» **What is being asked**
Scan the material below and copy every line holding the word "ring".

#### Records for the task

(* Let $n\ge2$ be an integer and write $n-1=\sum_{i=0}^m p_i2^i$ with $p_i\in\{0,1\}$ and $p_m=1$; let $I=\{i\mid p_i=1\}$. In the standard MV-algebra $[0,1]_{\text{Ł}}$, the system of equations $y_0=\neg x$, $y_j=y_{j-1}^2$ for $j=1,\dots,m$, and $x=\prod_{i\in I}y_i$ has a unique solution, and in it $x=1/n$.
   Context: Standard MV-algebra $[0,1]_{\text{Ł}}$: domain $[0,1]$, $x\cdot y=\max(0,x+y-1)$, $\neg x=1-x$. Powers $y^2=y\cdot y$ and the product $\prod$ refer to the operation $\cdot$. *)

From Stdlib Require Import Reals Lra Lia Arith List.
Open Scope R_scope.

Definition luk_mul (x y : R) : R := Rmax 0 (x + y - 1).
Definition luk_neg (x : R) : R := 1 - x.

Definition luk_prod (l : list R) : R := fold_right luk_mul 1 l.

(* Binary expansion of k = n-1 >= 1: k = sum_{i=0}^m p_i 2^i, p_m = 1,
   so m = Nat.log2 k and p_i = Nat.testbit k i. *)
Definition top_index (k : nat) : nat := Nat.log2 k.
Definition bit_set (k : nat) : list nat :=
  filter (fun i => Nat.testbit k i) (seq 0 (S (top_index k))).

Definition lsystem (n : nat) (x : R) (y : nat -> R) : Prop :=
  let k := (n - 1)%nat in
  let m := top_index k in
  (0 <= x <= 1) /\
  (forall j, (j <= m)%nat -> 0 <= y j <= 1) /\
  y 0%nat = luk_neg x /\
  (forall j, (1 <= j <= m)%nat -> y j = luk_mul (y (j - 1)%nat) (y (j - 1)%nat)) /\
  x = luk_prod (map y (bit_set k)).

(* Writing y := ¬x, the Łukasiewicz power y^k is max(0, 1 - k x), so powers of y
   add their exponents.  Hence y_j = y^(2^j) and the product over I is y^(n-1),
   turning the system into the single equation x = max(0, 1 - (n-1) x), whose only
   solution in [0,1] is x = 1/n. *)
From Stdlib Require Import Reals Lra Lia Arith List.
Open Scope R_scope.

Definition luk_pow (y : R) (k : nat) : R := luk_prod (repeat y k).

Lemma luk_mul_trunc (d a b : R) : 0 <= d -> 0 <= a -> 0 <= b ->
  luk_mul (Rmax 0 (1 - a * d)) (Rmax 0 (1 - b * d)) = Rmax 0 (1 - (a + b) * d).
Proof.
  intros Hd Ha Hb; unfold luk_mul, Rmax.
  repeat destruct Rle_dec; nra.
Qed.

Lemma luk_pow_closed (y : R) (k : nat) : 0 <= y <= 1 ->
  luk_pow y k = Rmax 0 (1 - INR k * (1 - y)).
Proof.
  intros Hy; induction k as [|k IH].
  - unfold luk_pow, luk_prod, Rmax; simpl; destruct Rle_dec; lra.
  - change (luk_pow y (S k)) with (luk_mul y (luk_pow y k)).
    assert (Ey : y = Rmax 0 (1 - 1 * (1 - y))) by (unfold Rmax; destruct Rle_dec; lra).
    rewrite IH, Ey at 1.
    rewrite luk_mul_trunc, S_INR by (pose proof (pos_INR k); lra).
    f_equal; ring.
Qed.

Lemma luk_pow_range (y : R) (k : nat) : 0 <= y <= 1 -> 0 <= luk_pow y k <= 1.
Proof.
  intros Hy; rewrite luk_pow_closed by exact Hy.
  pose proof (pos_INR k); unfold Rmax; destruct Rle_dec; nra.
Qed.

Lemma luk_pow_1 (y : R) : 0 <= y <= 1 -> luk_pow y 1 = y.
Proof.
  intros Hy; rewrite luk_pow_closed by exact Hy.
  unfold Rmax; simpl; destruct Rle_dec; lra.
Qed.

Lemma luk_pow_add (y : R) (a b : nat) : 0 <= y <= 1 ->
  luk_mul (luk_pow y a) (luk_pow y b) = luk_pow y (a + b).
Proof.
  intros Hy; rewrite !luk_pow_closed, luk_mul_trunc, plus_INR by
    (try exact Hy; try apply pos_INR; lra).
  reflexivity.
Qed.

Lemma luk_prod_pow (y : R) (l : list nat) : 0 <= y <= 1 ->
  luk_prod (map (luk_pow y) l) = luk_pow y (list_sum l).
Proof.
  intros Hy; induction l as [|a l IH]; [reflexivity|].
  change (luk_mul (luk_pow y a) (luk_prod (map (luk_pow y) l)) =
          luk_pow y (a + list_sum l)).
  rewrite IH; apply luk_pow_add, Hy.
Qed.

Lemma list_sum_pow2_testbit (k N : nat) :
  list_sum (map (Nat.pow 2) (filter (Nat.testbit k) (seq 0 N))) = (k mod 2 ^ N)%nat.
Proof.
  induction N as [|N IH]; [reflexivity|].
  rewrite seq_S, filter_app, map_app, list_sum_app, IH.
  rewrite Nat.pow_succ_r', Nat.mul_comm, Nat.Div0.mod_mul_r; simpl filter.
  rewrite Nat.testbit_eqb.
  pose proof (Nat.mod_upper_bound (k / 2 ^ N) 2 ltac:(lia)).
  destruct ((k / 2 ^ N) mod 2) as [|[|b]]; simpl; lia.
Qed.

Lemma list_sum_pow2_bit_set (k : nat) : (0 < k)%nat ->
  list_sum (map (Nat.pow 2) (bit_set k)) = k.
Proof.
  intros Hk; unfold bit_set, top_index.
  rewrite list_sum_pow2_testbit; apply Nat.mod_small, Nat.log2_spec, Hk.
Qed.

Lemma luk_prod_pow2_bit_set (y : R) (k : nat) : 0 <= y <= 1 -> (0 < k)%nat ->
  luk_prod (map (fun i => luk_pow y (2 ^ i)) (bit_set k)) = luk_pow y k.
Proof.
  intros Hy Hk.
  rewrite <- (map_map (Nat.pow 2)), luk_prod_pow, list_sum_pow2_bit_set by assumption.
  reflexivity.
Qed.

Lemma luk_pow_neg_fixpoint (x : R) (k : nat) : 0 <= x <= 1 ->
  x = luk_pow (luk_neg x) k <-> x = 1 / INR (S k).
Proof.
  intros Hx; unfold luk_neg; rewrite luk_pow_closed, S_INR by lra.
  replace (1 - (1 - x)) with x by ring.
  pose proof (pos_INR k).
  split; intros E.
  - revert E; unfold Rmax; destruct Rle_dec; intros E; [|nra].
    field_simplify_eq; lra.
  - assert (0 < x) by (rewrite E; apply Rdiv_lt_0_compat; lra).
    assert (Ex : 1 - INR k * x = x) by (rewrite E; field; lra).
    rewrite Ex; unfold Rmax; destruct Rle_dec; lra.
Qed.

Lemma lsystem_powers (n : nat) (x : R) : (2 <= n)%nat -> 0 <= x <= 1 ->
  x = luk_pow (luk_neg x) (n - 1) ->
  lsystem n x (fun j => luk_pow (luk_neg x) (2 ^ j)).
Proof.
  intros hn Hx Efix.
  assert (Hy : 0 <= luk_neg x <= 1) by (unfold luk_neg; lra).
  split; [exact Hx|]; split; [|split; [|split]].
  - intros j _; apply luk_pow_range, Hy.
  - apply luk_pow_1, Hy.
  - intros j Hj; rewrite luk_pow_add by exact Hy.
    f_equal; destruct j as [|j]; [lia|].
    rewrite Nat.sub_succ, Nat.sub_0_r, Nat.pow_succ_r'; lia.
  - rewrite luk_prod_pow2_bit_set by (try exact Hy; lia).
    exact Efix.
Qed.

Lemma lsystem_powers_inv (n : nat) (x : R) (y : nat -> R) : (2 <= n)%nat ->
  lsystem n x y ->
  (forall j, (j <= top_index (n - 1))%nat -> y j = luk_pow (luk_neg x) (2 ^ j)) /\
  x = luk_pow (luk_neg x) (n - 1).
Proof.
  intros hn (Hx & _ & Hy0 & Hrec & Hprod).
  assert (Hy : 0 <= luk_neg x <= 1) by (unfold luk_neg; lra).
  assert (Ey : forall j, (j <= top_index (n - 1))%nat ->
            y j = luk_pow (luk_neg x) (2 ^ j)).
  { induction j as [|j IH]; intros Hj.
    - rewrite Hy0; symmetry; apply luk_pow_1, Hy.
    - rewrite Hrec, Nat.sub_succ, Nat.sub_0_r, IH, luk_pow_add by (try exact Hy; lia).
      f_equal; rewrite Nat.pow_succ_r'; lia. }
  split; [exact Ey|].
  rewrite Hprod at 1.
  rewrite (map_ext_in _ (fun i => luk_pow (luk_neg x) (2 ^ i))).
  - apply luk_prod_pow2_bit_set; [exact Hy | lia].
  - intros i Hi; apply Ey.
    apply filter_In in Hi as [Hi _]; apply in_seq in Hi; lia.
Qed.

Theorem lemma4p1 (n : nat) (hn : (2 <= n)%nat) :
  (exists x y, lsystem n x y) /\
  (forall x y x' y', lsystem n x y -> lsystem n x' y' ->
     x = x' /\ forall j, (j <= top_index (n - 1))%nat -> y j = y' j) /\
  (forall x y, lsystem n x y -> x = 1 / INR n).
Proof.
  assert (En : S (n - 1) = n) by lia.
  assert (Hsol : forall x y, lsystem n x y -> x = 1 / INR n).
  { intros x y Hs.
    assert (Hx : 0 <= x <= 1) by apply Hs.
    apply (luk_pow_neg_fixpoint x (n - 1)) in Hx as [Hfix _].
    rewrite <- En; apply Hfix, (lsystem_powers_inv n x y hn Hs). }
  split; [|split; [|exact Hsol]].
  - assert (Hn : 2 <= INR n) by (apply (le_INR 2), hn).
    assert (Hx : 0 <= 1 / INR n <= 1).
    { split; [apply Rlt_le, Rdiv_lt_0_compat; lra|].
      apply Rmult_le_reg_r with (INR n); [lra|]; field_simplify; lra. }
    exists (1 / INR n), (fun j => luk_pow (luk_neg (1 / INR n)) (2 ^ j)).
    apply lsystem_powers; [exact hn | exact Hx|].
    apply luk_pow_neg_fixpoint; [exact Hx|]; rewrite En; reflexivity.
  - intros x y x' y' Hs Hs'.
    assert (Ex : x = x') by (rewrite (Hsol x y Hs), (Hsol x' y' Hs'); reflexivity).
    split; [exact Ex|]; intros j Hj.
    rewrite (proj1 (lsystem_powers_inv n x y hn Hs) j Hj),
            (proj1 (lsystem_powers_inv n x' y' hn Hs') j Hj), Ex.
    reflexivity.
Qed.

########

» **Written solution**
    f_equal; ring.
  replace (1 - (1 - x)) with x by ring.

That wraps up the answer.